Lemma bigO_U_Ulim0 x e :
  (forall n, 0 <= x n) -> bigO_U U x e -> Ulim0 U e -> Ulim0 U x.
Proof.
move=> x0 [C xC] e_lim eps eps0.
have C1_gt0 : 0 < `|C| + 1 by rewrite ltr_wpDl.
apply: (U_mono _ _ _ (U_meet _ _ xC (e_lim _ (divr_gt0 eps0 C1_gt0)))) => n [xn en].
rewrite ger0_norm //; apply: (le_lt_trans xn).
apply: (le_lt_trans (ler_norm _)); rewrite normrM.
have C_le : `|C| <= `|C| + 1 by rewrite lerDl.
apply: (le_lt_trans (ler_wpM2r (normr_ge0 _) C_le)).
by rewrite -ltr_pdivlMl // mulrC.
Qed.

End FilterBigO.

Lemma mul1D_identity (Rg : pzRingType) (a b s t : Rg) :
  (1 + a) * (1 + b) = (1 + s) * (1 + t) -> s - b + t - a = a * b - s * t.
Proof.
rewrite !mulrDl !mulrDr !mul1r !mulr1 -!(addrA 1) => /addrI E.
have -> : a * b = t + (s + s * t) - (b + a).
  by rewrite -E addrA [RHS]addrC addKr.
by rewrite [RHS]addrAC addrA addrK (addrAC s) -(addrA (s + t)) -opprD (addrC s).
Qed.

Section Adjoint.
Context {R : realType} {m : nat}.
Implicit Types A B P Q : 'M[R[i]]_m.

Lemma mxadjM A B : mxadj (A *m B) = mxadj B *m mxadj A.
Proof. by rewrite /mxadj map_mxM trmx_mul. Qed.

Lemma mxadj1 : mxadj (1%:M : 'M[R[i]]_m) = 1%:M.
Proof. by rewrite /mxadj map_scalar_mx tr_scalar_mx; congr (_%:M); exact: conjc1. Qed.

Lemma mxadjK : involutive (@mxadj R m).
Proof.
move=> A; rewrite /mxadj map_trmx trmxK -map_mx_comp.
by apply/matrixP=> i j; rewrite !mxE /= conjcK.
Qed.

Lemma unitary1 : unitary (1%:M : 'M[R[i]]_m).
Proof. by rewrite /unitary mxadj1 mulmx1. Qed.

Lemma unitary_adj P : unitary P -> unitary (mxadj P).
Proof. by case=> PP' P'P; split; rewrite mxadjK. Qed.

Lemma unitaryM P Q : unitary P -> unitary Q -> unitary (P *m Q).
Proof.
case=> PP' P'P [QQ' Q'Q]; rewrite /unitary mxadjM; split.
  by rewrite mulmxA -(mulmxA P) QQ' mulmx1 PP'.
by rewrite mulmxA -(mulmxA _ _ P) P'P mulmx1 Q'Q.
Qed.

End Adjoint.

Section UnitarilyInvariantNorm.
Context {R : realType} {m : nat} {nrm : 'M[R[i]]_m -> R}.
Hypothesis nrmP : ui_submult_norm nrm.
Implicit Types A B P Q V : 'M[R[i]]_m.

Lemma nrm_ge0 A : 0 <= nrm A.
Proof. by case: nrmP. Qed.

Lemma ler_nrmD A B : nrm (A + B) <= nrm A + nrm B.
Proof. by case: nrmP => _ [_ []]. Qed.

Lemma ler_nrmM A B : nrm (A *m B) <= nrm A * nrm B.
Proof. by case: nrmP => _ [_ [_ [_ []]]]. Qed.

Lemma nrmZ_ge0 (x : R) A : 0 <= x -> nrm (x%:C *: A) = x * nrm A.
Proof.
move=> x0; case: nrmP => _ [_ [_ [nrmZ _]]].
by apply: complexI; rewrite nrmZ ger0_norm ?lecR // -rmorphM.
Qed.

Lemma nrm0 : nrm 0 = 0.
Proof. by have := @nrmZ_ge0 0 0 (lexx 0); rewrite scaler0 mul0r. Qed.

Lemma nrmN A : nrm (- A) = nrm A.
Proof.
case: nrmP => _ [_ [_ [nrmZ _]]].
by apply: complexI; rewrite -scaleN1r nrmZ normrN normr1 mul1r.
Qed.

Lemma nrm_distrC A B : nrm (A - B) = nrm (B - A).
Proof. by rewrite -nrmN opprB. Qed.

Lemma ler_nrmB A B : nrm (A - B) <= nrm A + nrm B.
Proof. by rewrite -(nrmN B) ler_nrmD. Qed.

Lemma nrm_unitaryMl V A : unitary V -> nrm (V *m A) = nrm A.
Proof.
case: nrmP => _ [_ [_ [_ [_ nrmU]]]] uV.
by rewrite -(mulmx1 (V *m A)) nrmU //; apply: unitary1.
Qed.

Lemma nrm_unitaryMr V A : unitary V -> nrm (A *m V) = nrm A.
Proof.
case: nrmP => _ [_ [_ [_ [_ nrmU]]]] uV.
by rewrite -{1}(mul1mx A) nrmU //; apply: unitary1.
Qed.

Lemma nrm_adjB P Q : unitary P -> unitary Q -> nrm (mxadj P - mxadj Q) = nrm (P - Q).
Proof.
move=> uP uQ.
have -> : mxadj P - mxadj Q = mxadj P *m (Q - P) *m mxadj Q.
  by rewrite mulmxBr mulmxBl -mulmxA uQ.1 mulmx1 uP.2 mul1mx.
rewrite (nrm_unitaryMr _ _ (unitary_adj _ uQ)) (nrm_unitaryMl _ _ (unitary_adj _ uP)).
exact: nrm_distrC.
Qed.

Lemma ler_nrm_mulmxB P P' Q Q' : unitary P' -> unitary Q ->
  nrm (P *m Q - P' *m Q') <= nrm (P - P') + nrm (Q - Q').
Proof.
move=> uP' uQ.
have -> : P *m Q - P' *m Q' = (P - P') *m Q + P' *m (Q - Q').
  by rewrite mulmxBl mulmxBr addrA subrK.
by rewrite -(nrm_unitaryMr Q (P - P') uQ) -(nrm_unitaryMl P' (Q - Q') uP') ler_nrmD.
Qed.

Lemma ler_nrm_mulmx3B B P P' Q Q' : unitary P' -> unitary Q ->
  nrm (P *m B *m Q - P' *m B *m Q') <= nrm B * (nrm (P - P') + nrm (Q - Q')).
Proof.
move=> uP' uQ.
have -> : P *m B *m Q - P' *m B *m Q' = (P - P') *m B *m Q + P' *m (B *m (Q - Q')).
  by rewrite !mulmxBl !mulmxBr !mulmxA addrA subrK.
apply: le_trans (ler_nrmD _ _) _.
rewrite (nrm_unitaryMr _ _ uQ) (nrm_unitaryMl _ _ uP') mulrDr (mulrC (nrm B)).
by apply: lerD; apply: ler_nrmM.
Qed.

End UnitarilyInvariantNorm.

Section Coboundary.
Context {R : realType} {m : nat} {G : Type} (mulG : G -> G -> G).

Definition mul_defect (a : G -> 'M[R[i]]_m) (x y : G) : 'M[R[i]]_m :=
  a x *m a y - a (mulG x y).

Definition coboundary2 (p : G -> 'M[R[i]]_m) (beta : G -> G -> 'M[R[i]]_m)
    (g h l : G) : 'M[R[i]]_m :=
  let alpha x y := beta x y *m mxadj (p (mulG x y)) in
  p g *m alpha h l *m mxadj (p g) - alpha (mulG g h) l
  + alpha g (mulG h l) - alpha g h.

Lemma coboundary2Z p beta beta' (s : R[i]) g h l :
  (forall x y, beta' x y = s *: beta x y) ->
  coboundary2 p beta' g h l = s *: coboundary2 p beta g h l.
Proof.
move=> beta'E; rewrite /coboundary2 !beta'E.
by rewrite -!scalemxAl -scalemxAr -scalemxAl !(scalerBr, scalerDr).
Qed.

Context {nrm : 'M[R[i]]_m -> R}.
Hypothesis nrmP : ui_submult_norm nrm.

Lemma ler_nrm_coboundary2_mul_defect a g h l :
  associative mulG -> (forall x, unitary (a x)) ->
  nrm (coboundary2 a (mul_defect a) g h l) <=
    nrm (mul_defect a g h) * nrm (mul_defect a (mulG g h) l)
    + nrm (mul_defect a h l) * nrm (mul_defect a g (mulG h l)).
Proof.
move=> mulA a_u.
pose W x y := mul_defect a x y *m mxadj (a (mulG x y)).
have W1 x y : 1%:M + W x y = a x *m a y *m mxadj (a (mulG x y)).
  by rewrite /W mulmxBl (a_u _).1 addrC subrK.
have conjW1 : 1%:M + a g *m W h l *m mxadj (a g) =
    a g *m (a h *m a l *m mxadj (a (mulG h l))) *m mxadj (a g).
  by rewrite -W1 mulmxDr mulmxDl mulmx1 (a_u g).1.
have nrmW x y : nrm (W x y) = nrm (mul_defect a x y).
  exact: nrm_unitaryMr nrmP _ _ (unitary_adj _ (a_u _)).
have cocycle : (1%:M + W g h) *m (1%:M + W (mulG g h) l) =
    (1%:M + a g *m W h l *m mxadj (a g)) *m (1%:M + W g (mulG h l)).
  rewrite conjW1 !W1 mulA !mulmxA -(mulmxA _ (mxadj (a (mulG g h)))) (a_u _).2 mulmx1.
  rewrite -(mulmxA _ (mxadj (a g))) (a_u g).2 mulmx1.
  by rewrite -(mulmxA _ (mxadj _)) (a_u _).2 mulmx1.
have -> : coboundary2 a (mul_defect a) g h l = W g h *m W (mulG g h) l
    - (a g *m W h l *m mxadj (a g)) *m W g (mulG h l).
  exact: (@mul1D_identity 'M[R[i]]_m _ _ _ _ cocycle).
apply: le_trans (ler_nrmB nrmP _ _) _.
apply: lerD; apply: le_trans (ler_nrmM nrmP _ _) _; rewrite !nrmW //.
rewrite -mulmxA (nrm_unitaryMl nrmP _ _ (a_u g)).
by rewrite (nrm_unitaryMr nrmP _ _ (unitary_adj _ (a_u g))) !nrmW.
Qed.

PROBLEM STATEMENT: Would you retype exactly the lines above, from the line with "Definition mul_defect (a" to the line with "apply: lerD; apply: le_trans", with both end lines kept and nothing more?

EXERCISE ANSWER:
Definition mul_defect (a : G -> 'M[R[i]]_m) (x y : G) : 'M[R[i]]_m :=
  a x *m a y - a (mulG x y).

Definition coboundary2 (p : G -> 'M[R[i]]_m) (beta : G -> G -> 'M[R[i]]_m)
    (g h l : G) : 'M[R[i]]_m :=
  let alpha x y := beta x y *m mxadj (p (mulG x y)) in
  p g *m alpha h l *m mxadj (p g) - alpha (mulG g h) l
  + alpha g (mulG h l) - alpha g h.

Lemma coboundary2Z p beta beta' (s : R[i]) g h l :
  (forall x y, beta' x y = s *: beta x y) ->
  coboundary2 p beta' g h l = s *: coboundary2 p beta g h l.
Proof.
move=> beta'E; rewrite /coboundary2 !beta'E.
by rewrite -!scalemxAl -scalemxAr -scalemxAl !(scalerBr, scalerDr).
Qed.

Context {nrm : 'M[R[i]]_m -> R}.
Hypothesis nrmP : ui_submult_norm nrm.

Lemma ler_nrm_coboundary2_mul_defect a g h l :
  associative mulG -> (forall x, unitary (a x)) ->
  nrm (coboundary2 a (mul_defect a) g h l) <=
    nrm (mul_defect a g h) * nrm (mul_defect a (mulG g h) l)
    + nrm (mul_defect a h l) * nrm (mul_defect a g (mulG h l)).
Proof.
move=> mulA a_u.
pose W x y := mul_defect a x y *m mxadj (a (mulG x y)).
have W1 x y : 1%:M + W x y = a x *m a y *m mxadj (a (mulG x y)).
  by rewrite /W mulmxBl (a_u _).1 addrC subrK.
have conjW1 : 1%:M + a g *m W h l *m mxadj (a g) =
    a g *m (a h *m a l *m mxadj (a (mulG h l))) *m mxadj (a g).
  by rewrite -W1 mulmxDr mulmxDl mulmx1 (a_u g).1.
have nrmW x y : nrm (W x y) = nrm (mul_defect a x y).
  exact: nrm_unitaryMr nrmP _ _ (unitary_adj _ (a_u _)).
have cocycle : (1%:M + W g h) *m (1%:M + W (mulG g h) l) =
    (1%:M + a g *m W h l *m mxadj (a g)) *m (1%:M + W g (mulG h l)).
  rewrite conjW1 !W1 mulA !mulmxA -(mulmxA _ (mxadj (a (mulG g h)))) (a_u _).2 mulmx1.
  rewrite -(mulmxA _ (mxadj (a g))) (a_u g).2 mulmx1.
  by rewrite -(mulmxA _ (mxadj _)) (a_u _).2 mulmx1.
have -> : coboundary2 a (mul_defect a) g h l = W g h *m W (mulG g h) l
    - (a g *m W h l *m mxadj (a g)) *m W g (mulG h l).
  exact: (@mul1D_identity 'M[R[i]]_m _ _ _ _ cocycle).
apply: le_trans (ler_nrmB nrmP _ _) _.
apply: lerD; apply: le_trans (ler_nrmM nrmP _ _) _; rewrite !nrmW //.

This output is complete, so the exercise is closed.